Shefali has been a board member and advisor for several organizations working to uplift women in technology and STEM. More recently she was a board member for Ada’s List, a women’s technology network where she helped the organization think about how to scale and grow. Ada’s List is a free network for women and non-binary people who work in tech and since its founding, has grown to over 8,000 members organically. It was started at a time when there were few women in tech with the sole purpose of building community and a sense of belonging. It is a visibility platform and marketplace designed to help members collaborate and progress professionally.

“It ended up being a network of women who were able to find a safe space to talk about some of the serious topics that we’ve had over the last couple of years in technology, whether that was discrimination, gender parity, pay parity, having conversations about what to do in the event of things going wrong in an organization or how to get help.”

In addition to Ada’s List, Shefali served as an advisor for Erase All Kittens (E.A.K.), which was founded by two women. Erase All Kittens is an online game that introduces children, especially girls, to computational thinking and professional coding languages. It’s a multi-award-winning game designed to teach young children professional coding skills and effectively inspires girls to code, with 55% of its users being girls.

“We always talk about why there is a disparity in an engineering team between having enough women to men. Invariably you’ll find that it’s a 70/30 split or an 80/20 split to men. The easy answer is always ‘there’s a pipeline problem.’ There isn’t actually, we’re just not looking hard enough to look at the top of the funnel – women entities, women organizations, women at universities or women societies who are teaching STEM – to bring them through the funnel.”

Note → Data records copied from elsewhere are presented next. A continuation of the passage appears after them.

Lemma vopp_vscal (x : Y) : vopp Y x = vscal Y (-1) x.
Proof.
  symmetry. apply vopp_unique. rewrite <- (vscal_1 Y x) at 1.
  rewrite <- vscal_distr_r. replace (1 + -1) with 0 by ring. apply vscal_0.
Qed.

Lemma vdist_eq0 (x y : Y) : vdist x y = 0 -> x = y.
Proof.
  intros Hxy. apply vnorm_eq0 in Hxy. rewrite vadd_comm in Hxy. apply vopp_unique in Hxy.
  rewrite Hxy. symmetry. apply vopp_unique. rewrite vadd_comm. apply vadd_opp.
Qed.

Lemma vadd_add_swap (a b c e : Y) :
  vadd Y (vadd Y a b) (vadd Y c e) = vadd Y (vadd Y a c) (vadd Y b e).
Proof.
  rewrite !vadd_assoc. f_equal. rewrite <- !vadd_assoc. f_equal. apply vadd_comm.
Qed.

Definition segment (x0 x : Y) (l : R) : Y := vadd Y (vscal Y (1 - l) x0) (vscal Y l x).

Lemma segment_0 (x0 x : Y) : segment x0 x 0 = x0.
Proof. unfold segment. rewrite Rminus_0_r, vscal_0, vscal_1, vadd_0. reflexivity. Qed.

Lemma segment_1 (x0 x : Y) : segment x0 x 1 = x.
Proof. unfold segment. rewrite Rminus_diag, vscal_0, vscal_1, vadd_comm, vadd_0. reflexivity. Qed.

Lemma segment_sub (x0 x : Y) (l l' : R) :
  vadd Y (segment x0 x l) (vopp Y (segment x0 x l')) = vscal Y (l - l') (vadd Y x (vopp Y x0)).
Proof.
  unfold segment. rewrite !vopp_vscal, !vscal_distr_l, !vscal_assoc, vadd_add_swap, <- !vscal_distr_r.
  rewrite vadd_comm. f_equal; f_equal; ring.
Qed.

Lemma vdist_segment (x0 x : Y) (l l' : R) :
  vdist (segment x0 x l) (segment x0 x l') = Rabs (l - l') * vdist x x0.
Proof. unfold vdist. rewrite segment_sub, vnorm_scal. reflexivity. Qed.

End Segment.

The two founders of E.A.K. conducted research to identify if it truly is a pipeline problem, where and when the pipeline starts. Research found that it goes back to school-aged children, not young adults. Young children, both boys and girls, are not being taught the seriousness of coding and how coding is a practical skill that can be applied to the workforce. One of the easiest ways to teach this is to gamify it, which E.A.K. has successfully done since 2014.

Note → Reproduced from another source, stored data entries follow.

(* Let $G$ be a countable group, $\preceq$ a left-invariant total order on $G$, and $x\in G$ a central element which is dominant for $\preceq$. Let $(\phi,t)$ be a dynamical realization of $\preceq$ adapted to $x$. Then $T_{(G,\preceq,\rho_x)}=T_{\mathbb{R}}\circ\phi$.
   Context: $x$ is dominant for $\preceq$ if right multiplication $\rho_x(g)=gx$ is dominant: for all $a,b\in G$ there is $n\in\mathbb{N}$ with $ax^n\succ b$. $T_{(G,\preceq,\rho_x)}(g):=\lim_{n\to\infty}\frac1n h_T(g^n,e)$, where $h_T(a,b)=\inf\{m\in\mathbb{Z}: bx^m\succeq a\}$. A dynamical realization of $\preceq$ is a pair $(\phi,t)$ of an injective homomorphism $\phi:G\to{\rm Homeo}^+(\mathbb{R})$ and an injective map $t:G\to\mathbb{R}$ with $t(gh)=\phi(g)(t(h))$, $t(e)=0$, $\inf_g t(g)=-\infty$, $\sup_g t(g)=\infty$, and $f\prec g\Leftrightarrow \phi(f)(0)<\phi(g)(0)$. It is adapted to $x$ if $\phi(x)$ is the translation $s\mapsto s+1$; then $\phi(G)\subset{\rm Homeo}^+_{\mathbb{Z}}(\mathbb{R})$ (homeomorphisms commuting with $s\mapsto s+1$). $T_{\mathbb{R}}(\psi)=\lim_n\psi^n(0)/n$ is the translation number on ${\rm Homeo}^+_{\mathbb{Z}}(\mathbb{R})$. *)

From HB Require Import structures.
From mathcomp Require Import all_boot all_order all_algebra.
From mathcomp Require Import all_classical all_reals all_analysis.
Set Implicit Arguments. Unset Strict Implicit. Unset Printing Implicit Defensive.
Import Order.TTheory GRing.Theory Num.Theory.
Import numFieldNormedType.Exports.
Local Open Scope classical_set_scope.
Local Open Scope ring_scope.

Record group_str (G : Type) := GroupStr {
  gmul : G -> G -> G;
  gone : G;
  ginv : G -> G;
  gmulA : forall a b c, gmul a (gmul b c) = gmul (gmul a b) c;
  gmul1g : forall a, gmul gone a = a;
  gmulg1 : forall a, gmul a gone = a;
  gmulVg : forall a, gmul (ginv a) a = gone;
  gmulgV : forall a, gmul a (ginv a) = gone
}.

Definition countable_type (G : Type) : Prop :=
  exists f : G -> nat, injective f.

Fixpoint gpow G (Gr : group_str G) (g : G) (n : nat) : G :=
  match n with
  | 0%N => gone Gr
  | n'.+1 => gmul Gr (gpow Gr g n') g
  end.

Definition gzpow G (Gr : group_str G) (g : G) (m : int) : G :=
  match m with
  | Posz n => gpow Gr g n
  | Negz n => ginv Gr (gpow Gr g n.+1)
  end.

Definition central G (Gr : group_str G) (x : G) : Prop :=
  forall g, gmul Gr g x = gmul Gr x g.

Definition left_inv_total_order G (Gr : group_str G) (le : G -> G -> Prop) : Prop :=
  [/\ (forall a, le a a),
      (forall a b, le a b -> le b a -> a = b),
      (forall a b c, le a b -> le b c -> le a c),
      (forall a b, le a b \/ le b a)
    & (forall g a b, le a b -> le (gmul Gr g a) (gmul Gr g b))].

Definition strict G (le : G -> G -> Prop) (a b : G) : Prop := le a b /\ a <> b.

Definition dominant G (Gr : group_str G) (le : G -> G -> Prop) (x : G) : Prop :=
  forall a b, exists n : nat, strict le b (gmul Gr a (gpow Gr x n)).

Definition hT (R : realType) G (Gr : group_str G) (le : G -> G -> Prop) (x a b : G) : R :=
  inf [set (m%:~R : R) | m in [set m : int | le a (gmul Gr b (gzpow Gr x m))]].

Definition hT_seq (R : realType) G (Gr : group_str G) (le : G -> G -> Prop) (x g : G)
  : R^nat := fun n => hT R Gr le x (gpow Gr g n) (gone Gr) / n%:R.

(* T_{(G,⪯,rho_x)}(g) = lim_n h_T(g^n, e)/n *)
Definition T_G (R : realType) G (Gr : group_str G) (le : G -> G -> Prop) (x g : G) : R :=
  limn (hT_seq R Gr le x g).

(* translation number on Homeo_Z^+(R): lim_n psi^n(0)/n *)
Definition TR_seq (R : realType) (psi : R -> R) : R^nat :=
  fun n => iter n psi 0 / n%:R.

Definition T_R (R : realType) (psi : R -> R) : R := limn (TR_seq psi).

Definition homeo_plus (R : realType) (f : R -> R) : Prop :=
  [/\ continuous f,
      (exists g : R -> R, [/\ cancel f g, cancel g f & continuous g])
    & (forall s u : R, s < u -> f s < f u)].

Definition dyn_realization (R : realType) G (Gr : group_str G) (le : G -> G -> Prop)
  (phi : G -> R -> R) (t : G -> R) : Prop :=
  (forall g, homeo_plus (phi g)) /\
  (forall g h, phi (gmul Gr g h) = phi g \o phi h) /\
  injective phi /\
  injective t /\
  (forall g h, t (gmul Gr g h) = phi g (t h)) /\
  t (gone Gr) = 0 /\
  (forall M : R, exists g, t g < M) /\
  (forall M : R, exists g, M < t g) /\
  (forall f g, strict le f g <-> phi f 0 < phi g 0).

Definition adapted_to (R : realType) G (phi : G -> R -> R) (x : G) : Prop :=
  phi x = (fun s => s + 1).

(** Every [phi g] commutes with the unit translation [phi x], so [phi g] is a
    degree-one lift.  For such a lift [psi] the orbit [a n := psi^n(0)] is
    quasi-additive, [|a (m + n) - a m - a n| <= 1], hence [a n / n] is Cauchy and
    converges to the translation number.  On the group side, since [phi (x^m)] is
    translation by [m] and [f ⪯ g] iff [phi f 0 <= phi g 0], the set defining
    [h_T(g^n, e)] is [{m : int | a n <= m}], whose infimum lies in [[a n, a n + 1]].
    Dividing by [n], both sequences are [1/n]-close and share their limit. *)
From mathcomp Require Import all_boot all_order all_algebra.
From mathcomp Require Import all_classical all_reals all_analysis.
From mathcomp Require Import ring lra zify.
Set Implicit Arguments.
Import Order.TTheory GRing.Theory Num.Theory.
Import numFieldNormedType.Exports.
Local Open Scope classical_set_scope.
Local Open Scope ring_scope.

Section DegreeOneLift.
Variable R : realType.

Lemma lift_addn {f : R -> R} : (forall s, f (s + 1) = f s + 1) ->
  forall (n : nat) s, f (s + n%:R) = f s + n%:R.
Proof.
move=> f_add1; elim=> [|n IHn] s; first by rewrite !addr0.
by rewrite -natr1 addrA f_add1 IHn addrA.
Qed.

Lemma lift_addz {f : R -> R} : (forall s, f (s + 1) = f s + 1) ->
  forall (z : int) s, f (s + z%:~R) = f s + z%:~R.
Proof.
move=> f_add1 [n|n] s; first exact: lift_addn.
rewrite NegzE mulrNz.
have := lift_addn f_add1 n.+1 (s - n.+1%:R); rewrite subrK => ->.
by rewrite addrK.
Qed.

Lemma lift_shift_dist (f : R -> R) :
  {homo f : s u / s <= u} -> (forall s, f (s + 1) = f s + 1) ->
  forall s, `|f s - s - f 0| <= 1.
Proof.
move=> f_homo f_add1 s.
set z : R := (Num.floor s)%:~R; set r := s - z.
have [z_le_s s_lt_z1] : z <= s /\ s < z + 1.
  by have := floor_itv s; rewrite intrD => /andP[].
have -> : s = r + z by rewrite /r subrK.
rewrite lift_addz //.
have f0r : f 0 <= f r by apply: f_homo; rewrite /r subr_ge0.
have fr1 : f r <= f 0 + 1 by rewrite -f_add1 add0r; apply: f_homo; rewrite /r; lra.
rewrite ler_norml; apply/andP; split; rewrite /r; lra.
Qed.

Variable psi : R -> R.
Hypothesis psi_homo : {homo psi : s u / s <= u}.
Hypothesis psi_add1 : forall s, psi (s + 1) = psi s + 1.

Local Notation orbit n := (iter n psi 0).

Lemma iter_lift_homo k : {homo iter k psi : s u / s <= u}.
Proof. by elim: k => [|k IHk] s u //= /IHk /psi_homo. Qed.

Lemma iter_lift_add1 k s : iter k psi (s + 1) = iter k psi s + 1.
Proof. by elim: k s => [|k IHk] s //=; rewrite IHk psi_add1. Qed.

Lemma orbit_quasi_additive m n : `|orbit (m + n) - orbit n - orbit m| <= 1.
Proof.
by rewrite iterD; apply: lift_shift_dist; [exact: iter_lift_homo|exact: iter_lift_add1].
Qed.

Lemma orbit_mul_dist j m : `|orbit (j * m) - j%:R * orbit m| <= j%:R.
Proof.
elim: j => [|j IHj]; first by rewrite mul0n mul0r subr0 normr0.
rewrite mulSnr addnC -natr1 mulrDl mul1r.
have -> : orbit (m + j * m) - (j%:R * orbit m + orbit m)
    = (orbit (m + j * m) - orbit (j * m) - orbit m) + (orbit (j * m) - j%:R * orbit m).
  by ring.
apply: (le_trans (ler_normD _ _)); rewrite [leRHS]addrC.
exact: lerD (orbit_quasi_additive _ _) IHj.
Qed.

Lemma orbit_ratio_mul_dist j m : (0 < j)%N -> (0 < m)%N ->
  `|orbit (j * m) / (j * m)%:R - orbit m / m%:R| <= m%:R^-1.
Proof.
move=> j_gt0 m_gt0.
have jR_gt0 : 0 < j%:R :> R by rewrite ltr0n.
have mR_gt0 : 0 < m%:R :> R by rewrite ltr0n.
have -> : orbit (j * m) / (j * m)%:R - orbit m / m%:R
    = (orbit (j * m) - j%:R * orbit m) / (j%:R * m%:R).
  by rewrite natrM; field; rewrite ?mulf_neq0 ?gt_eqF.
have jm_ge0 : 0 <= j%:R * m%:R :> R by rewrite mulr_ge0 ?ler0n.
rewrite normrM normfV [`|_ * _|]ger0_norm //.
rewrite ler_pdivrMr ?mulr_gt0 // mulrCA mulVf ?gt_eqF // mulr1.
exact: orbit_mul_dist.
Qed.

Lemma orbit_ratio_dist m n : (0 < m)%N -> (0 < n)%N ->
  `|orbit m / m%:R - orbit n / n%:R| <= m%:R^-1 + n%:R^-1.
Proof.
move=> m_gt0 n_gt0.
have dm := orbit_ratio_mul_dist n m n_gt0 m_gt0; rewrite mulnC in dm.
have dn := orbit_ratio_mul_dist m n m_gt0 n_gt0.
rewrite -[X in `|X|](subrKA (orbit (m * n) / (m * n)%:R)) addrC.
apply: (le_trans (ler_normD _ _)); rewrite addrC.
by apply: lerD; rewrite // distrC.
Qed.

Lemma translation_number_cvg : cvgn (TR_seq psi).
Proof.
apply: cauchy_cvg; apply/cauchy_exP => e e_gt0.
pose N := (Num.Def.truncn (2 / e)).+1.
have N_gt : 2 / e < N%:R by apply: truncnS_gt.
have NR_gt0 : 0 < N%:R :> R by rewrite ltr0n.
exists (TR_seq psi N), N => // n /= le_Nn.
have n_gt0 : (0 < n)%N by apply: leq_trans le_Nn.
have inv_n : n%:R^-1 <= N%:R^-1 :> R by rewrite lef_pV2 ?ler_nat // posrE ltr0n.
have two_N : 2 / N%:R < e by rewrite ltr_pdivrMr // mulrC -ltr_pdivrMr.
apply: (le_lt_trans (orbit_ratio_dist N n isT n_gt0)).
by apply: le_lt_trans two_N; rewrite mulr_natl mulr2n lerD.
Qed.

End DegreeOneLift.

Lemma inf_int_ge (R : realType) (a : R) (P : int -> Prop) :
  (forall m, P m <-> a <= m%:~R) ->
  a <= inf [set (m%:~R : R) | m in P] <= a + 1.
Proof.
move=> P_ge; set S := [set (m%:~R : R) | m in P].
have S_ceil : S (Num.ceil a)%:~R by exists (Num.ceil a) => //; apply/P_ge/ceil_ge.
have S_lb : lbound S a by move=> _ [m /P_ge ? <-].
apply/andP; split; first by apply: lb_le_inf => //; exists (Num.ceil a)%:~R.
apply: (le_trans (ge_inf _ S_ceil)); first by exists a.
by have := ceil_itv a; rewrite intrD => /andP[? _]; lra.
Qed.

Lemma cvgn_dist_invn (R : realType) (u v : R^nat) (l : R) :
  (forall n, (0 < n)%N -> `|u n - v n| <= n%:R^-1) ->
  v @ \oo --> l -> u @ \oo --> l.
Proof.
move=> uv_dist v_l.
have -> : u = v + (u - v) by apply/funext => n /=; rewrite addrC subrK.
rewrite -[l]addr0; apply: cvgD => //.
have harmonic2_0 : (fun n => 2 * harmonic n) @ \oo --> (0 : R).
  by rewrite -(mulr0 2); exact: cvgMl_tmp cvg_harmonic.
have harmonic2N_0 : (fun n => - (2 * harmonic n)) @ \oo --> (0 : R).
  by rewrite -oppr0; exact: cvgN.
apply: (squeeze_cvgr _ harmonic2N_0 harmonic2_0).
exists 1%N => // n /= n_gt0.
have invn_le : n%:R^-1 <= 2 / n.+1%:R :> R.
  rewrite -div1r ler_pdivrMr ?ltr0n // mulrAC ler_pdivlMr ?ltr0n // mul1r.
  by rewrite -natrM ler_nat; lia.
by rewrite -ler_norml; exact: le_trans (uv_dist n n_gt0) invn_le.
Qed.

Section Realization.
Variables (R : realType) (G : Type) (Gr : group_str G) (le : G -> G -> Prop).
Variables (x : G) (phi : G -> R -> R) (t : G -> R).
Hypothesis le_refl : forall a, le a a.
Hypothesis realization : dyn_realization Gr le phi t.
Hypothesis adapted : adapted_to phi x.

Lemma realization_increasing g : {homo phi g : s u / s < u}.
Proof. by case: realization => /(_ g)[]. Qed.

Lemma realization_mul g h s : phi (gmul Gr g h) s = phi g (phi h s).
Proof. by case: realization => _ [-> _]. Qed.

Lemma realization_one s : phi (gone Gr) s = s.
Proof.
apply: (inc_inj (le_mono (realization_increasing (gone Gr)))).
by rewrite -realization_mul gmul1g.
Qed.

Lemma realization_at0 a : t a = phi a 0.
Proof.
case: realization => _ [_ [_ [_ [t_mul [t_one _]]]]].
by rewrite -{1}[a](gmulg1 Gr) t_mul t_one.
Qed.

Lemma realization_le a c : le a c <-> phi a 0 <= phi c 0.
Proof.
case: realization => _ [_ [_ [t_inj [_ [_ [_ [_ lt_phi]]]]]]].
split=> [le_ac | ].
  have [-> // | neq_ac] := eqVneq (phi a 0) (phi c 0).
  by apply/ltW/lt_phi; split => // eq_ac; rewrite eq_ac eqxx in neq_ac.
rewrite le_eqVlt => /orP[/eqP eq_ac | /lt_phi[] //].
by have -> : a = c by apply: t_inj; rewrite !realization_at0.
Qed.

Lemma realization_gpow g n s : phi (gpow Gr g n) s = iter n (phi g) s.
Proof.
by elim: n s => [|n IHn] s /=; rewrite ?realization_one // realization_mul IHn -iterSr.
Qed.

Lemma realization_gpow_adapted n s : phi (gpow Gr x n) s = s + n%:R.
Proof.
rewrite realization_gpow adapted.
by elim: n => [|n IHn] /=; rewrite ?addr0 // IHn -natr1 addrA.
Qed.

Lemma realization_gzpow_adapted m : phi (gzpow Gr x m) 0 = m%:~R.
Proof.
case: m => [n | n] /=; first by rewrite realization_gpow_adapted add0r.
apply: (inc_inj (le_mono (realization_increasing (gpow Gr x n.+1)))).
by rewrite -realization_mul gmulgV realization_one realization_gpow_adapted NegzE mulrNz addNr.
Qed.

Lemma realization_central_add1 g : central Gr x ->
  forall s, phi g (s + 1) = phi g s + 1.
Proof.
move=> x_central s; have := realization_mul x g s.
by rewrite -x_central realization_mul adapted.
Qed.

Lemma hT_gpow_bounds g n :
  iter n (phi g) 0 <= hT R Gr le x (gpow Gr g n) (gone Gr) <= iter n (phi g) 0 + 1.
Proof.
apply: inf_int_ge => m /=.
by rewrite gmul1g realization_le realization_gzpow_adapted realization_gpow.
Qed.

Lemma hT_seq_TR_seq_dist g n : (0 < n)%N ->
  `|hT_seq R Gr le x g n - TR_seq (phi g) n| <= n%:R^-1.
Proof.
move=> n_gt0; have nR_gt0 : 0 < n%:R :> R by rewrite ltr0n.
have nRV_ge0 : 0 <= n%:R^-1 :> R by rewrite invr_ge0 ler0n.
rewrite /hT_seq /TR_seq -mulrBl normrM [`|_^-1|]ger0_norm //.
rewrite ler_pdivrMr // mulVf ?gt_eqF // ler_norml.
by have /andP[? ?] := hT_gpow_bounds g n; apply/andP; split; lra.
Qed.

End Realization.

Theorem lemma4p11 (R : realType) (G : Type) (Gr : group_str G)
  (le : G -> G -> Prop) (x : G) (phi : G -> R -> R) (t : G -> R) :
  countable_type G ->
  left_inv_total_order Gr le ->
  central Gr x ->
  dominant Gr le x ->
  dyn_realization Gr le phi t ->
  adapted_to phi x ->
  forall g : G,
    [/\ cvgn (hT_seq R Gr le x g),
        cvgn (TR_seq (phi g))
      & T_G R Gr le x g = T_R (phi g)].
Proof.
move=> _ [le_refl _ _ _ _] x_central _ realization adapted g.
have psi_homo := ltW_homo (realization_increasing realization g).
have psi_add1 := realization_central_add1 realization adapted g x_central.
have TR_cvg := translation_number_cvg psi_homo psi_add1.
have hT_TR : hT_seq R Gr le x g @ \oo --> T_R (phi g).
  apply: cvgn_dist_invn TR_cvg => n.
  exact: hT_seq_TR_seq_dist le_refl realization adapted g n.
by split=> //; [exact: cvgP hT_TR | exact: cvg_lim hT_TR].
Qed.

Looking Back to Look Ahead

While it’s important to celebrate how far we’ve come, Shefali believes it’s equally as important to recognize the amount of work that must continue. “There’s a ton of work to be done,” says Shefali. “We’re still doing it and we’re still working at it and we have terrific allies in chaps across the world but there’s a tremendous amount to be done and I think it’s important to say that it’s worth it. It’s worth doing the work and it’s worth all of us doing these things so that the women who come after us are going to have extraordinary careers in environments where they get to thrive. There’s a long way to go, but we’ve come a long way so let’s take a moment to celebrate it and enjoy it for what it is.”